Dataset items

--------------------------------

Let has231_OR a b c : a \in O ++ R -> b \in O ++ R -> c \in O ++ R ->
  index a (O ++ R) < index b (O ++ R) < index c (O ++ R) -> c < a < b ->
  has231 (O ++ R).
Proof. by move=> *; exists a, b, c; split => //; lia. Qed.

Lemma has231_insert_cases : has231 (O ++ x :: R) ->
  [\/ has231 (O ++ R), x_last231, x_middle231 | x_first231].
Proof.
move=> [a [b [c [a_in b_in c_in /and4P [ab bc ca a_b]]]]].
have index_O_lt y : y \in O -> index y O < size O by rewrite index_mem.
case: (index_ins a_in) => [[a_O ia]|[a_x ia]|[a_R ia]];
case: (index_ins b_in) => [[b_O ib]|[b_x ib]|[b_R ib]];
case: (index_ins c_in) => [[c_O ic]|[c_x ic]|[c_R ic]];
rewrite ?ia ?ib ?ic in ab bc; try subst a; try subst b; try subst c;
try (have := index_O_lt a a_O); try (have := index_O_lt b b_O);
try (have := index_O_lt c c_O); move=> *; try (exfalso; lia).
- by constructor 1; apply: (has231_OR (a := a) (b := b) (c := c));
    rewrite ?mem_cat ?a_O ?b_O ?c_O ?index_O //; lia.
- by constructor 2; exists a, b; rewrite ca a_b.
- by constructor 1; apply: (has231_OR (a := a) (b := b) (c := c));
    rewrite ?mem_cat ?a_O ?b_O ?c_R ?orbT ?(index_O _ a_O) ?(index_O _ b_O) ?index_R //; lia.
- by constructor 3; exists a, c; rewrite ca a_b.
- by constructor 1; apply: (has231_OR (a := a) (b := b) (c := c));
    rewrite ?mem_cat ?a_O ?b_R ?c_R ?orbT ?(index_O _ a_O) ?(index_R _ b_R) ?index_R //; lia.
- by constructor 4; exists b, c; split => //; lia.
- by constructor 1; apply: (has231_OR (a := a) (b := b) (c := c));
    rewrite ?mem_cat ?a_R ?b_R ?c_R ?orbT ?(index_R _ a_R) ?(index_R _ b_R) ?index_R //; lia.
Qed.

Let index_ins_OR y : y \in O ++ R ->
  index y (O ++ x :: R) = index y (O ++ R) + (size O <= index y (O ++ R)).
Proof.
rewrite mem_cat => /orP [y_O | y_R].
  by rewrite !index_O // leqNgt index_mem y_O addn0.
by rewrite index_ins_R // index_R // leq_addr addn1 addnS.
Qed.

Lemma has231_insert : [\/ has231 (O ++ R), x_last231, x_middle231 | x_first231] ->
  has231 (O ++ x :: R).
Proof.
have mem_ins y : y \in O ++ R -> y \in O ++ x :: R.
  by rewrite !mem_cat inE => /orP [] ->; rewrite ?orbT.
have in_O y : y \in O -> y \in O ++ x :: R by rewrite mem_cat => ->.
have in_R y : y \in R -> y \in O ++ x :: R by rewrite mem_cat inE => ->; rewrite !orbT.
have x_in : x \in O ++ x :: R by rewrite mem_cat inE eqxx orbT.
have index_x : index x (O ++ x :: R) = size O.
  by case: (index_ins x_in) => [[x_O]|[]|[x_R]] //; case: uniq_parts; rewrite ?x_O ?x_R.
have index_O_lt y : y \in O -> index y O < size O by rewrite index_mem.
case=> [[a [b [c [a_in b_in c_in /and4P [ab bc ca a_b]]]]]|
        [a [b [a_O b_O ab /andP [xa a_b]]]]|
        [a [c [a_O c_R /andP [ca ax]]]]|
        [b [c [b_R c_R bc /andP [cx xb]]]]].
- exists a, b, c; rewrite !mem_ins // !index_ins_OR //; split => //; lia.
- exists a, b, x; split; [exact: in_O | exact: in_O | exact: x_in |].
  by rewrite index_x !index_O //; have := index_O_lt b b_O; lia.
- exists a, x, c; split; [exact: in_O | exact: x_in | exact: in_R |].
  by rewrite index_x index_O // index_ins_R //; have := index_O_lt a a_O; lia.
- exists x, b, c; split; [exact: x_in | exact: in_R | exact: in_R |].
  by rewrite index_x !index_ins_R //; lia.
Qed.

End Insert231.

Lemma has231_rcons u x : uniq (rcons u x) ->
  has231 (rcons u x) <-> has231 u \/ x_last231 u x.
Proof.
rewrite -cats1 => ux_uniq; split.
  by case/(has231_insert_cases ux_uniq); rewrite ?cats0; auto => -[? [c []]].
case=> [u231 | x231]; apply: has231_insert => //.
  by constructor 1; rewrite cats0.
by constructor 2.
Qed.

Lemma sc_loop_foldl avoid (t stk out : seq nat) :
  sc_loop avoid t stk out =
  let p := foldl (fun p x => sc_insert avoid x p.1 p.2) (stk, out) t in p.2 ++ p.1.
Proof. by elim: t stk out => [|x t IH] stk out //=; rewrite IH; case: sc_insert. Qed.

Lemma SC_foldl avoid step (t : seq nat) : uniq t ->
  (forall u x, uniq (rcons u x) ->
     let p := foldl step ([::], [::]) u in sc_insert avoid x p.1 p.2 = step p x) ->
  SC avoid t = let p := foldl step ([::], [::]) t in p.2 ++ p.1.
Proof.
move=> t_uniq step_ok; rewrite /SC sc_loop_foldl.
suff -> : foldl (fun p x => sc_insert avoid x p.1 p.2) ([::], [::]) t =
          foldl step ([::], [::]) t by [].
elim/last_ind: t t_uniq => [|u x IH] // ux_uniq; rewrite !foldl_rcons IH; first exact: step_ok.
by move: ux_uniq; rewrite rcons_uniq => /andP [].
Qed.

Definition west_step (p : seq nat * seq nat) x : seq nat * seq nat :=
  let k := find (fun y => x <= y) p.1 in (x :: drop k p.1, p.2 ++ take k p.1).

Definition west_state (u : seq nat) := foldl west_step ([::], [::]) u.

Lemma west_insert x stk out : pairwise leq stk ->
  sc_insert (fun s => ~~ contains_cl [:: 2; 1] s) x stk out = west_step (stk, out) x.
Proof.
elim: stk out => [|y s IH] out; first by rewrite /west_step /= cats0.
move=> stk_sorted; have /andP [/allP y_le s_sorted] := stk_sorted.
rewrite /= avoid21E pairwise_cons stk_sorted andbT /west_step /=.
case: leqP => [x_y | y_x] /=.
  by rewrite ifT ?cats0 //; apply/allP => z /y_le; apply: leq_trans.
by rewrite IH // /west_step cat_rcons.
Qed.

Definition sc23_step (p : seq nat * seq nat) x : seq nat * seq nat :=
  if all (fun y => x < y) p.1 then (x :: p.1, p.2)
  else let k := find (fun y => y <= x) p.1 in (x :: drop k p.1, p.2 ++ take k p.1).

Definition sc23_state (u : seq nat) := foldl sc23_step ([::], [::]) u.

(* On a 23_1-free stack, pushing x creates an occurrence exactly when x is below the top and
   some deeper entry is below x. *)
Lemma sc23_insert x stk out : ~~ contains_23_1 stk -> x \notin stk ->
  sc_insert (fun s => ~~ contains_23_1 s) x stk out = sc23_step (stk, out) x.
Proof.
elim: stk out => [|y s IH] out //= stk_avoid.
rewrite inE negb_or => /andP [x_neq_y x_s].
have s_avoid : ~~ contains_23_1 s.
  by move: stk_avoid; rewrite contains_23_1_cons negb_or => /andP [].
rewrite contains_23_1_cons (negbTE stk_avoid) /= /sc23_step /=.
case: (ltngtP x y) => [x_y | y_x | x_eq_y]; last by rewrite x_eq_y eqxx in x_neq_y.
- case s_below: (has (fun z => z < x) s) => /=.
    have s_not_above : all (fun z => x < z) s = false.
      by apply/negbTE/allPn; case/hasP: s_below => z z_s z_x; exists z; rewrite // -leqNgt ltnW.
    by rewrite IH // /sc23_step /= s_not_above cat_rcons.
  rewrite ifT //; apply/allP => z z_s; move/hasPn: s_below => /(_ z z_s).
  by rewrite -leqNgt leq_eqVlt => /orP [/eqP x_z | //]; rewrite x_z z_s in x_s.
- by rewrite /= cats0.
Qed.

(** * West's stack-sorting map *)

Definition later_larger (u : seq nat) y :=
  exists z, [/\ z \in u, index y u < index z u & y < z].

Lemma later_larger_rcons (u : seq nat) x y : x \notin u -> y \in u ->
  later_larger (rcons u x) y <-> later_larger u y \/ y < x.
Proof.
move=> x_u y_u; split.
- move=> [z [+ yz y_z]]; rewrite mem_rcons inE => /orP [/eqP z_x | z_u].
    by right; rewrite -z_x.
  by left; exists z; rewrite -(index_rcons x y_u) -(index_rcons x z_u).
- case=> [[z [z_u yz y_z]] | y_x].
    by exists z; rewrite mem_rcons inE z_u orbT !index_rcons.
  exists x; rewrite mem_rcons mem_head index_rcons // index_rcons_last //.
  by rewrite index_mem.
Qed.

Lemma later_larger_last (u : seq nat) x : x \notin u -> ~ later_larger (rcons u x) x.
Proof.
move=> x_u [z [z_in + _]]; rewrite index_rcons_last // ltnNge.
by rewrite -ltnS -(size_rcons u x) index_mem z_in.
Qed.

Definition west_inv (u : seq nat) (p : seq nat * seq nat) :=
  [/\ perm_eq (p.2 ++ p.1) u, {in u, forall y, y \in p.2 <-> later_larger u y}
    & pairwise leq p.1].

Lemma west_state_inv u : uniq u -> west_inv u (west_state u).
Proof.
elim/last_ind: u => [|u x IH]; first by split => // y.
rewrite rcons_uniq => /andP [x_u u_uniq].
rewrite /west_state foldl_rcons -/(west_state u).
case: (west_state u) (IH u_uniq) => stk out [perm_u out_ll stk_sorted] /=.
set k := find (fun y => x <= y) stk.
have take_lt : {in take k stk, forall y, y < x}.
  apply/allP; move: (all_take_find (fun y => x <= y) stk); rewrite -/k.
  by apply: sub_all => y; rewrite ltnNge.
have drop_ge : {in drop k stk, forall y, x <= y}.
  by apply/allP/(all_drop_find (r := leq)) => // y z; apply: leq_trans.
have x_out_stk : x \notin out ++ stk by rewrite (perm_mem perm_u).
split => /=.
- exact: perm_pop_push.
- move=> y; rewrite mem_rcons inE => /orP [/eqP -> | y_u].
    split=> [|/(later_larger_last x_u)] //.
    rewrite mem_cat => /orP [x_out | /mem_take x_stk]; move: x_out_stk.
      by rewrite mem_cat x_out.
    by rewrite mem_cat x_stk orbT.
  rewrite later_larger_rcons // -out_ll // mem_cat.
  split=> [/orP [-> | /take_lt] | [-> // | y_x]]; [by left | by right |].
  have : y \in out ++ stk by rewrite (perm_mem perm_u).
  rewrite mem_cat -{1}(cat_take_drop k stk) mem_cat => /or3P [-> | -> | /drop_ge] //; lia.
- rewrite (subseq_pairwise (drop_subseq _ _) stk_sorted) andbT.
  by apply/allP.
Qed.

Lemma west_out_below u stk out x : west_inv u (stk, out) -> x \notin u ->
  all (fun y => y < x) out <-> ~ x_last231 u x.
Proof.
move=> [perm_u out_ll _] x_u; have out_u y : y \in out -> y \in u.
  by move=> y_out; rewrite -(perm_mem perm_u) mem_cat y_out.
split=> [/allP out_lt [a [b [a_u b_u ab /andP [xa a_b]]]] | no231].
  have /out_lt : a \in out by apply/out_ll => //; exists b.
  by rewrite ltnNge ltnW.
apply/allP => a a_out; have [b [b_u ab a_b]] := (out_ll a (out_u a a_out)).1 a_out.
rewrite ltnNge leq_eqVlt negb_or; apply/andP; split.
  by apply: contraNneq x_u => ->; exact: out_u.
by apply/negP => xa; apply: no231; exists a, b; rewrite out_u // xa.
Qed.

Lemma west_sortedP u : uniq u ->
  pairwise ltn ((west_state u).2 ++ (west_state u).1) <-> ~ has231 u.
Proof.
elim/last_ind: u => [|u x IH] u_uniq.
  by split=> // _ [a [b [c []]]].
have inv := west_state_inv u_uniq; move: u_uniq.
rewrite rcons_uniq => /andP [x_u u_uniq]; rewrite has231_rcons ?rcons_uniq ?x_u //.
have inv_u := west_state_inv u_uniq; move: inv_u (IH u_uniq) inv.
rewrite /west_state foldl_rcons -/(west_state u).
case: (west_state u) => stk out inv_u IH_u [_ _ /=].
set k := find (fun y => x <= y) stk => /andP [/allP drop_ge _].
have x_out_stk : x \notin out ++ stk by case: inv_u => perm_u _ _; rewrite (perm_mem perm_u).
rewrite pairwise_insert -catA cat_take_drop all_cat.
have -> : all (fun y => y < x) (take k stk).
  by move: (all_take_find (fun y => x <= y) stk); apply: sub_all => y; rewrite ltnNge.
have -> : all (ltn x) (drop k stk).
  apply/allP => y y_drop; rewrite /= ltn_neqAle drop_ge // andbT.
  by apply: contraNneq x_out_stk => ->; rewrite mem_cat (mem_drop y_drop) orbT.
have out_below := west_out_below inv_u x_u.
rewrite !andbT; split=> [/andP [/IH_u no_u /out_below no_x] [] // | no231].
by apply/andP; split; [apply/IH_u | apply/out_below] => H; apply: no231; [left | right].
Qed.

--------------------------------

## Problem details
Above are the entries. Copy exactly the part that opens with the line containing "- by rewrite /= cats0." and closes with the line containing "Lemma later_larger_rcons (u", and no more.

## Task solution
- by rewrite /= cats0.
Qed.

(** * West's stack-sorting map *)

Definition later_larger (u : seq nat) y :=
  exists z, [/\ z \in u, index y u < index z u & y < z].

Lemma later_larger_rcons (u : seq nat) x y : x \notin u -> y \in u ->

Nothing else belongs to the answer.